## Problem description
Each line of the listing where the string "mulmxN" appears is to be identified and copied.

## Dataset excerpts
(* Let $N_c, N_v$ be positive integers, let ${\tt dVc}\in(0,\infty)^{N_c}$ and ${\tt dVv}\in(0,\infty)^{N_v}$, and define $\langle {\tt a},{\tt b}\rangle_c={\tt a}^\top\mathrm{diag}({\tt dVc})\,{\tt b}$ on $\mathbb R^{N_c}$ and $\langle {\tt a},{\tt b}\rangle_v={\tt a}^\top\mathrm{diag}({\tt dVv})\,{\tt b}$ on $\mathbb R^{N_v}$. Let $R:\mathbb R\to(0,\infty)$ be continuously differentiable and non-decreasing, fix $p_0\in\mathbb R$, and set $Q(p)=\int_{p_0}^p \frac{1}{R(q)}\,\mathrm dq$ and $e_{int}(p)=\int_{p_0}^p\frac{R(p)-R(q)}{R(q)}\,\mathrm dq$, all functions being applied componentwise to vectors. Let ${\sf Interp}_{v\leftarrow c}$ be a fixed real $N_v\times N_c$ matrix. Let ${\tt p}(t)\in\mathbb R^{N_c}$ and ${\tt v}(t)\in\mathbb R^{N_v}$, $t\in[0,T]$, be continuously differentiable, set ${\tt rho}=R({\tt p})$ and ${\tt rv}=\mathrm{diag}({\sf Interp}_{v\leftarrow c}{\tt rho})\,{\tt v}$, and suppose that for every $t$ there are real matrices ${\sf DIVr}(t)$ ($N_c\times N_v$), ${\sf rGRAD}(t)$, ${\sf GRAD}(t)$ ($N_v\times N_c$) and ${\sf ADVEC}(t)$ ($N_v\times N_v$) such that (i) ${\sf DIVr}+{\sf rGRAD}^*=0$; (ii) ${\sf rGRAD}\,Q({\tt p})={\sf GRAD}\,{\tt p}$; (iii) ${\sf ADVEC}+{\sf ADVEC}^*=\mathrm{diag}({\sf Interp}_{v\leftarrow c}\,{\sf DIVr}\,{\tt v})$; and the semi-discrete isentropic Euler equations $$\frac{\mathrm d\,{\tt rho}}{\mathrm dt}+{\sf DIVr}\,{\tt v}=0,\qquad \frac{\mathrm d\,{\tt rv}}{\mathrm dt}+{\sf ADVEC}\,{\tt v}+{\sf GRAD}\,{\tt p}=0$$ hold. Then the discrete total energy ${\tt E}(t)=\langle {\tt c1},e_{int}({\tt p})\rangle_c+\frac12\langle {\tt v},{\tt rv}\rangle_v$, where ${\tt c1}$ is the vector of all ones, satisfies $\frac{\mathrm d{\tt E}}{\mathrm dt}=0$.
   Context: Adjoints are taken with respect to the weighted inner products: for a real matrix ${\sf A}$ mapping $\mathbb R^{N_{in}}$ (weights ${\tt dV}_{in}$) to $\mathbb R^{N_{out}}$ (weights ${\tt dV}_{out}$), ${\sf A}^*=\mathrm{diag}({\tt dV}_{in})^{-1}{\sf A}^\top\mathrm{diag}({\tt dV}_{out})$, so that $\langle {\tt x},{\sf A}{\tt y}\rangle_{out}=\langle{\sf A}^*{\tt x},{\tt y}\rangle_{in}$. Here $\mathrm{diag}({\tt a})$ is the diagonal matrix with the entries of ${\tt a}$ on its diagonal. The matrices ${\sf DIVr},{\sf rGRAD},{\sf GRAD},{\sf ADVEC}$ are allowed to depend on the state at time $t$. *)

From Stdlib Require Import Reals.
From Coquelicot Require Import Coquelicot.
From HB Require Import structures.
From mathcomp Require Import all_boot all_order all_algebra.
From mathcomp Require Import Rstruct.
Set Implicit Arguments. Unset Strict Implicit. Unset Printing Implicit Defensive.
Import GRing.Theory.

Local Open Scope ring_scope.

Definition diagv (n : nat) (a : 'cV[R]_n) : 'M[R]_n := diag_mx a^T.

Definition winner (n : nat) (dV a b : 'cV[R]_n) : R := (a^T *m diagv dV *m b) 0 0.

(* adjoint w.r.t. weighted inner products:
   A : R^{n_in} (weights dVin) -> R^{n_out} (weights dVout),
   A^* = diag(dVin)^{-1} A^T diag(dVout) *)
Definition wadj (nin nout : nat) (dVin : 'cV[R]_nin) (dVout : 'cV[R]_nout)
  (A : 'M[R]_(nout, nin)) : 'M[R]_(nin, nout) :=
  invmx (diagv dVin) *m A^T *m diagv dVout.

Definition cw (n : nat) (f : R -> R) (x : 'cV[R]_n) : 'cV[R]_n := map_mx f x.

Definition vderiv (n : nat) (f : R -> 'cV[R]_n) (t : R) (df : 'cV[R]_n) : Prop :=
  forall i : 'I_n, is_derive (fun s => f s i 0) t (df i 0).

Definition Qfun (Rf : R -> R) (p0 p : R) : R := RInt (fun q => / Rf q)%R p0 p.

Definition eint (Rf : R -> R) (p0 p : R) : R :=
  RInt (fun q => (Rf p - Rf q) / Rf q)%R p0 p.

Definition ones (n : nat) : 'cV[R]_n := const_mx 1.

Definition energy (Nc Nv : nat) (dVc : 'cV[R]_Nc) (dVv : 'cV[R]_Nv)
  (Rf : R -> R) (p0 : R) (Interp : 'M[R]_(Nv, Nc))
  (p : 'cV[R]_Nc) (v : 'cV[R]_Nv) : R :=
  winner dVc (ones Nc) (cw (eint Rf p0) p)
  + 2^-1 * winner dVv v (diagv (Interp *m cw Rf p) *m v).

(* Since Q' = 1/R, the internal energy e_int(p) = R(p) Q(p) - (p - p0) has time
   derivative Q(p) d(rho)/dt, and with a = Interp rho the kinetic energy
   1/2 <v, diag(a) v>_v has derivative <v, d(rv)/dt>_v - 1/2 <v, diag(da/dt) v>_v.
   Substituting the two evolution equations, (i) and (ii) turn <Q(p), DIVr v>_c
   into -<v, GRAD p>_v, while (iii) says 1/2 <v, diag(Interp DIVr v) v>_v equals
   <v, ADVEC v>_v, so every term cancels. *)

From Stdlib Require Import Reals.
From Coquelicot Require Import Coquelicot.
From HB Require Import structures.
From mathcomp Require Import all_boot all_order all_algebra.
From mathcomp Require Import Rstruct.
From mathcomp Require Import ring lra.
Set Implicit Arguments. Unset Strict Implicit. Unset Printing Implicit Defensive.
Import GRing.Theory Num.Theory.
Local Open Scope ring_scope.

(* Coquelicot's differentiation rules, restated with MathComp's operations on R
   (convertible to Coquelicot's, but not syntactically equal). *)
Lemma is_deriveD (f g : R -> R) t a b : is_derive f t a -> is_derive g t b ->
  is_derive (fun s => f s + g s) t (a + b).
Proof. exact: is_derive_plus. Qed.

Lemma is_deriveB (f g : R -> R) t a b : is_derive f t a -> is_derive g t b ->
  is_derive (fun s => f s - g s) t (a - b).
Proof. exact: is_derive_minus. Qed.

Lemma is_deriveM (f g : R -> R) t a b : is_derive f t a -> is_derive g t b ->
  is_derive (fun s => f s * g s) t (a * g t + f t * b).
Proof. by move=> Hf Hg; apply: is_derive_mult => // x y; apply: mulrC. Qed.

Lemma is_deriveZ (f : R -> R) (c : R) t a : is_derive f t a ->
  is_derive (fun s => c * f s) t (c * a).
Proof. exact: is_derive_scal. Qed.

Lemma is_derive_sum (I : Type) (r : seq I) (f : I -> R -> R) (df : I -> R) t :
  (forall i, is_derive (f i) t (df i)) ->
  is_derive (fun s => \sum_(i <- r) f i s) t (\sum_(i <- r) df i).
Proof.
move=> Hf; elim: r => [|i r IHr].
  rewrite big_nil; apply: (is_derive_ext (fun _ : R => 0 : R)); last exact: is_derive_const.
  by move=> s; rewrite big_nil.
rewrite big_cons; apply: (is_derive_ext (fun s => f i s + \sum_(j <- r) f j s)).
  by move=> s; rewrite big_cons.
exact: is_deriveD.
Qed.

Lemma vderiv_unique n (f : R -> 'cV[R]_n) t d1 d2 :
  vderiv f t d1 -> vderiv f t d2 -> d1 = d2.
Proof.
move=> H1 H2; apply/matrixP => i j; rewrite ord1.
by rewrite -(is_derive_unique _ _ _ (H1 i)) (is_derive_unique _ _ _ (H2 i)).
Qed.

Lemma vderiv_cst n (c : 'cV[R]_n) t : vderiv (fun _ => c) t 0.
Proof. by move=> i; rewrite mxE; apply: is_derive_const. Qed.

Lemma vderiv_mulmxl m n (A : 'M[R]_(m, n)) (x : R -> 'cV[R]_n) t dx :
  vderiv x t dx -> vderiv (fun s => A *m x s) t (A *m dx).
Proof.
move=> Hx j; apply: (is_derive_ext (fun s => \sum_k A j k * x s k 0)).
  by move=> s; rewrite mxE.
by rewrite mxE; apply: is_derive_sum => k; apply: is_deriveZ.
Qed.

Lemma diagv_mulmx n (a b : 'cV[R]_n) i : (diagv a *m b) i 0 = a i 0 * b i 0.
Proof. by rewrite /diagv mul_diag_mx !mxE. Qed.

Lemma vderiv_diagv_mulmx n (a b : R -> 'cV[R]_n) t da db :
  vderiv a t da -> vderiv b t db ->
  vderiv (fun s => diagv (a s) *m b s) t (diagv da *m b t + diagv (a t) *m db).
Proof.
move=> Ha Hb i; apply: (is_derive_ext (fun s => a s i 0 * b s i 0)).
  by move=> s; rewrite diagv_mulmx.
by rewrite mxE !diagv_mulmx; apply: is_deriveM.
Qed.

Lemma winner_sum n (dV a b : 'cV[R]_n) :
  winner dV a b = \sum_i dV i 0 * (a i 0 * b i 0).
Proof.
rewrite /winner /diagv mxE; apply: eq_bigr => i _.
by rewrite mul_mx_diag !mxE mulrAC mulrC.
Qed.

Lemma is_derive_winner n (dV : 'cV[R]_n) (a b : R -> 'cV[R]_n) t da db :
  vderiv a t da -> vderiv b t db ->
  is_derive (fun s => winner dV (a s) (b s)) t
            (winner dV da (b t) + winner dV (a t) db).
Proof.
move=> Ha Hb; apply: (is_derive_ext (fun s => \sum_i dV i 0 * (a s i 0 * b s i 0))).
  by move=> s; rewrite winner_sum.
rewrite !winner_sum -big_split; apply: is_derive_sum => i /=.
by rewrite -mulrDr; apply/is_deriveZ/is_deriveM.
Qed.

Lemma winnerC n (dV a b : 'cV[R]_n) : winner dV a b = winner dV b a.
Proof. by rewrite !winner_sum; apply: eq_bigr => i _; rewrite [b i 0 * _]mulrC. Qed.

Lemma winner0l n (dV b : 'cV[R]_n) : winner dV 0 b = 0.
Proof. by rewrite /winner trmx0 !mul0mx mxE. Qed.

Lemma winnerDr n (dV a b c : 'cV[R]_n) :
  winner dV a (b + c) = winner dV a b + winner dV a c.
Proof. by rewrite /winner mulmxDr mxE. Qed.

Lemma winnerNr n (dV a b : 'cV[R]_n) : winner dV a (- b) = - winner dV a b.
Proof. by rewrite /winner mulmxN mxE. Qed.

Lemma winner_diagv n (dV a b c : 'cV[R]_n) :
  winner dV a (diagv c *m b) = winner dV (diagv c *m a) b.
Proof.
rewrite !winner_sum; apply: eq_bigr => i _.
by rewrite !diagv_mulmx; ring.
Qed.

Lemma winner_ones_diagv n (dV b c : 'cV[R]_n) :
  winner dV (ones n) (diagv c *m b) = winner dV c b.
Proof.
rewrite winner_diagv; congr winner; apply/matrixP => i j.
by rewrite ord1 diagv_mulmx mxE mulr1.
Qed.

Lemma diagvN n (d : 'cV[R]_n) : diagv (- d) = - diagv d.
Proof. by rewrite /diagv linearN /= raddfN. Qed.

Lemma diagv_unitmx n (d : 'cV[R]_n) : (forall i, d i 0 != 0) -> diagv d \in unitmx.
Proof.
move=> Hd; rewrite unitmxE /diagv det_diag unitfE.
by apply/prodf_neq0 => i _; rewrite mxE.
Qed.

Lemma winner_wadj nin nout (dVin : 'cV[R]_nin) (dVout : 'cV[R]_nout)
    (A : 'M[R]_(nout, nin)) x y :
  diagv dVin \in unitmx ->
  winner dVin (wadj dVin dVout A *m x) y = winner dVout x (A *m y).
Proof.
move=> Hin; rewrite winnerC [RHS]winnerC /winner /wadj !mulmxA mulmxK //.
by rewrite trmx_mul.
Qed.

Lemma winner_skew_adjoint nc nv (dVc : 'cV[R]_nc) (dVv : 'cV[R]_nv)
    (D : 'M[R]_(nc, nv)) (G : 'M[R]_(nv, nc)) q v :
  diagv dVc \in unitmx -> D + wadj dVc dVv G = 0 ->
  winner dVc q (D *m v) = - winner dVv v (G *m q).
Proof.
move=> Hc /eqP; rewrite addr_eq0 => /eqP ->.
by rewrite mulNmx winnerNr winnerC winner_wadj.
Qed.

Lemma winner_diagv_sym_part n (dV d v : 'cV[R]_n) (A : 'M[R]_n) :
  diagv dV \in unitmx -> A + wadj dV dV A = diagv d ->
  winner dV v (diagv d *m v) = 2 * winner dV v (A *m v).
Proof.
move=> HV <-; rewrite mulmxDl winnerDr [winner _ v (wadj _ _ _ *m v)]winnerC.
by rewrite winner_wadj //; lra.
Qed.

Lemma energy_balance Nc Nv (dVc : 'cV[R]_Nc) (dVv : 'cV[R]_Nv)
    (DIVr : 'M[R]_(Nc, Nv)) (rGRAD GRAD : 'M[R]_(Nv, Nc)) (ADVEC : 'M[R]_Nv)
    (Interp : 'M[R]_(Nv, Nc)) (q p : 'cV[R]_Nc) (v : 'cV[R]_Nv) :
  diagv dVc \in unitmx -> diagv dVv \in unitmx ->
  DIVr + wadj dVc dVv rGRAD = 0 -> rGRAD *m q = GRAD *m p ->
  ADVEC + wadj dVv dVv ADVEC = diagv (Interp *m (DIVr *m v)) ->
  winner dVc q (- (DIVr *m v)) + winner dVv v (- (ADVEC *m v + GRAD *m p))
    - 2^-1 * winner dVv v (diagv (Interp *m - (DIVr *m v)) *m v) = 0.
Proof.
move=> Hc Hv Hi Hii Hiii.
rewrite mulmxN diagvN mulNmx !winnerNr winnerDr.
rewrite (winner_skew_adjoint q v Hc Hi) Hii (winner_diagv_sym_part v Hv Hiii).
lra.
Qed.

Section InternalEnergy.

Variables (Rf : R -> R) (p0 : R).
Hypothesis Rf_cont : forall x, continuous Rf x.
Hypothesis Rf_neq0 : forall x, Rf x != 0.

Lemma continuous_invRf x : continuous (fun q => / Rf q)%R x.
Proof. by apply: continuous_Rinv_comp => //; apply/eqP. Qed.

Lemma ex_RInt_invRf a b : ex_RInt (fun q => / Rf q)%R a b.
Proof. by apply: ex_RInt_continuous => x _; apply: continuous_invRf. Qed.

Lemma is_derive_Qfun x : is_derive (Qfun Rf p0) x (/ Rf x)%R.
Proof.
apply: (is_derive_RInt (fun q => / Rf q)%R _ p0); last exact: continuous_invRf.
by apply: filter_forall => b; apply/RInt_correct/ex_RInt_invRf.
Qed.

Lemma eintE x : eint Rf p0 x = Rf x * Qfun Rf p0 x - (x - p0).
Proof.
rewrite /eint /Qfun (RInt_ext _ (fun q => minus (scal (Rf x) (/ Rf q)%R) 1%R)).
  rewrite RInt_minus ?RInt_scal ?RInt_const; last first.
  - exact: ex_RInt_const.
  - exact/ex_RInt_scal/ex_RInt_invRf.
  - exact: ex_RInt_invRf.
  rewrite /minus /plus /Hierarchy.opp /scal /= /mult /=.
  by rewrite !(RminusE, RplusE, RmultE, RoppE); ring.
move=> q _; rewrite /minus /plus /Hierarchy.opp /scal /= /mult /=.
by rewrite !(RdivE, RinvE, RminusE, RplusE, RmultE, RoppE); field.
Qed.

Lemma is_derive_eint_comp (q : R -> R) t dq dr :
  is_derive q t dq -> is_derive (fun s => Rf (q s)) t dr ->
  is_derive (fun s => eint Rf p0 (q s)) t (dr * Qfun Rf p0 (q t)).
Proof.
move=> Hq Hr.
apply: (is_derive_ext (fun s => Rf (q s) * Qfun Rf p0 (q s) - (q s - p0))).
  by move=> s; rewrite eintE.
have HQ := is_derive_comp _ _ _ _ _ (is_derive_Qfun (q t)) Hq.
have := is_deriveB (is_deriveM Hr HQ) (is_deriveB Hq (is_derive_const p0 t)).
congr is_derive; rewrite /scal /= /mult /= /zero /=.
by rewrite !(RinvE, RmultE) R0E; field.
Qed.

Lemma vderiv_cw_eint n (p : R -> 'cV[R]_n) t dp drho :
  vderiv p t dp -> vderiv (fun s => cw Rf (p s)) t drho ->
  vderiv (fun s => cw (eint Rf p0) (p s)) t (diagv (cw (Qfun Rf p0) (p t)) *m drho).
Proof.
move=> Hp Hrho i; rewrite diagv_mulmx mxE mulrC.
apply: (is_derive_ext (fun s => eint Rf p0 (p s i 0))); first by move=> s; rewrite mxE.
apply: is_derive_eint_comp (Hp i) _.
by apply: is_derive_ext (Hrho i) => s; rewrite mxE.
Qed.

Lemma is_derive_energy Nc Nv (dVc : 'cV[R]_Nc) (dVv : 'cV[R]_Nv)
    (Interp : 'M[R]_(Nv, Nc)) (p : R -> 'cV[R]_Nc) (v : R -> 'cV[R]_Nv) t dp dv drho :
  vderiv p t dp -> vderiv v t dv -> vderiv (fun s => cw Rf (p s)) t drho ->
  is_derive (fun s => energy dVc dVv Rf p0 Interp (p s) (v s)) t
    (winner dVc (cw (Qfun Rf p0) (p t)) drho
     + winner dVv (v t) (diagv (Interp *m drho) *m v t
                         + diagv (Interp *m cw Rf (p t)) *m dv)
     - 2^-1 * winner dVv (v t) (diagv (Interp *m drho) *m v t)).
Proof.
move=> Hp Hv Hrho.
have Hrv := vderiv_diagv_mulmx (vderiv_mulmxl Interp Hrho) Hv.
have Hint := is_derive_winner dVc (vderiv_cst (ones Nc) t) (vderiv_cw_eint Hp Hrho).
have := is_deriveD Hint (is_deriveZ (2^-1) (is_derive_winner dVv Hv Hrv)).
congr is_derive.
rewrite winner0l add0r winner_ones_diagv winnerDr.
rewrite [winner dVv dv _]winner_diagv [winner dVv (diagv _ *m dv) _]winnerC.
lra.
Qed.

End InternalEnergy.

Theorem mainTheorem1
  (Nc Nv : nat) (HNc : (0 < Nc)%N) (HNv : (0 < Nv)%N)
  (dVc : 'cV[R]_Nc) (dVv : 'cV[R]_Nv)
  (HdVc : forall i, 0 < dVc i 0) (HdVv : forall i, 0 < dVv i 0)
  (Rf dRf : R -> R)
  (HRpos : forall x, 0 < Rf x)
  (HRder : forall x, is_derive Rf x (dRf x))
  (HRC1 : forall x, continuous dRf x)
  (HRmono : forall x y, x <= y -> Rf x <= Rf y)
  (p0 : R) (Interp : 'M[R]_(Nv, Nc)) (T : R)
  (p dp : R -> 'cV[R]_Nc) (v dv : R -> 'cV[R]_Nv)
  (DIVr : R -> 'M[R]_(Nc, Nv)) (rGRAD GRAD : R -> 'M[R]_(Nv, Nc))
  (ADVEC : R -> 'M[R]_Nv)
  (Hp : forall t, 0 < t < T -> vderiv p t (dp t))
  (Hv : forall t, 0 < t < T -> vderiv v t (dv t))
  (Hdp : forall t, 0 < t < T -> forall i, continuous (fun s => dp s i 0) t)
  (Hdv : forall t, 0 < t < T -> forall i, continuous (fun s => dv s i 0) t)
  (Hi : forall t, 0 < t < T -> DIVr t + wadj dVc dVv (rGRAD t) = 0)
  (Hii : forall t, 0 < t < T -> rGRAD t *m cw (Qfun Rf p0) (p t) = GRAD t *m p t)
  (Hiii : forall t, 0 < t < T ->
     ADVEC t + wadj dVv dVv (ADVEC t) = diagv (Interp *m (DIVr t *m v t)))
  (Hmass : forall t, 0 < t < T ->
     vderiv (fun s => cw Rf (p s)) t (- (DIVr t *m v t)))
  (Hmom : forall t, 0 < t < T ->
     vderiv (fun s => diagv (Interp *m cw Rf (p s)) *m v s) t
            (- (ADVEC t *m v t + GRAD t *m p t))) :
  forall t, 0 < t < T ->
    is_derive (fun s => energy dVc dVv Rf p0 Interp (p s) (v s)) t 0.
Proof.
(* The balance holds at each time separately: the sizes being positive, the
   monotonicity and C^1 regularity of R and the continuity of dp, dv are unused. *)
move=> t Ht.
have Rf_cont x : continuous Rf x by apply: ex_derive_continuous; exists (dRf x).
have Rf_neq0 x : Rf x != 0 by apply: lt0r_neq0.
have HcU : diagv dVc \in unitmx by apply: diagv_unitmx => i; apply: lt0r_neq0.
have HvU : diagv dVv \in unitmx by apply: diagv_unitmx => i; apply: lt0r_neq0.
have Hrv := vderiv_diagv_mulmx (vderiv_mulmxl Interp (Hmass t Ht)) (Hv t Ht).
rewrite -(energy_balance HcU HvU (Hi t Ht) (Hii t Ht) (Hiii t Ht)).
rewrite (vderiv_unique (Hmom t Ht) Hrv).
exact (is_derive_energy p0 Rf_cont Rf_neq0 dVc dVv Interp (Hp t Ht) (Hv t Ht) (Hmass t Ht)).
Qed.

## Problem solution
Proof. by rewrite /winner mulmxN mxE. Qed.
rewrite mulmxN diagvN mulNmx !winnerNr winnerDr.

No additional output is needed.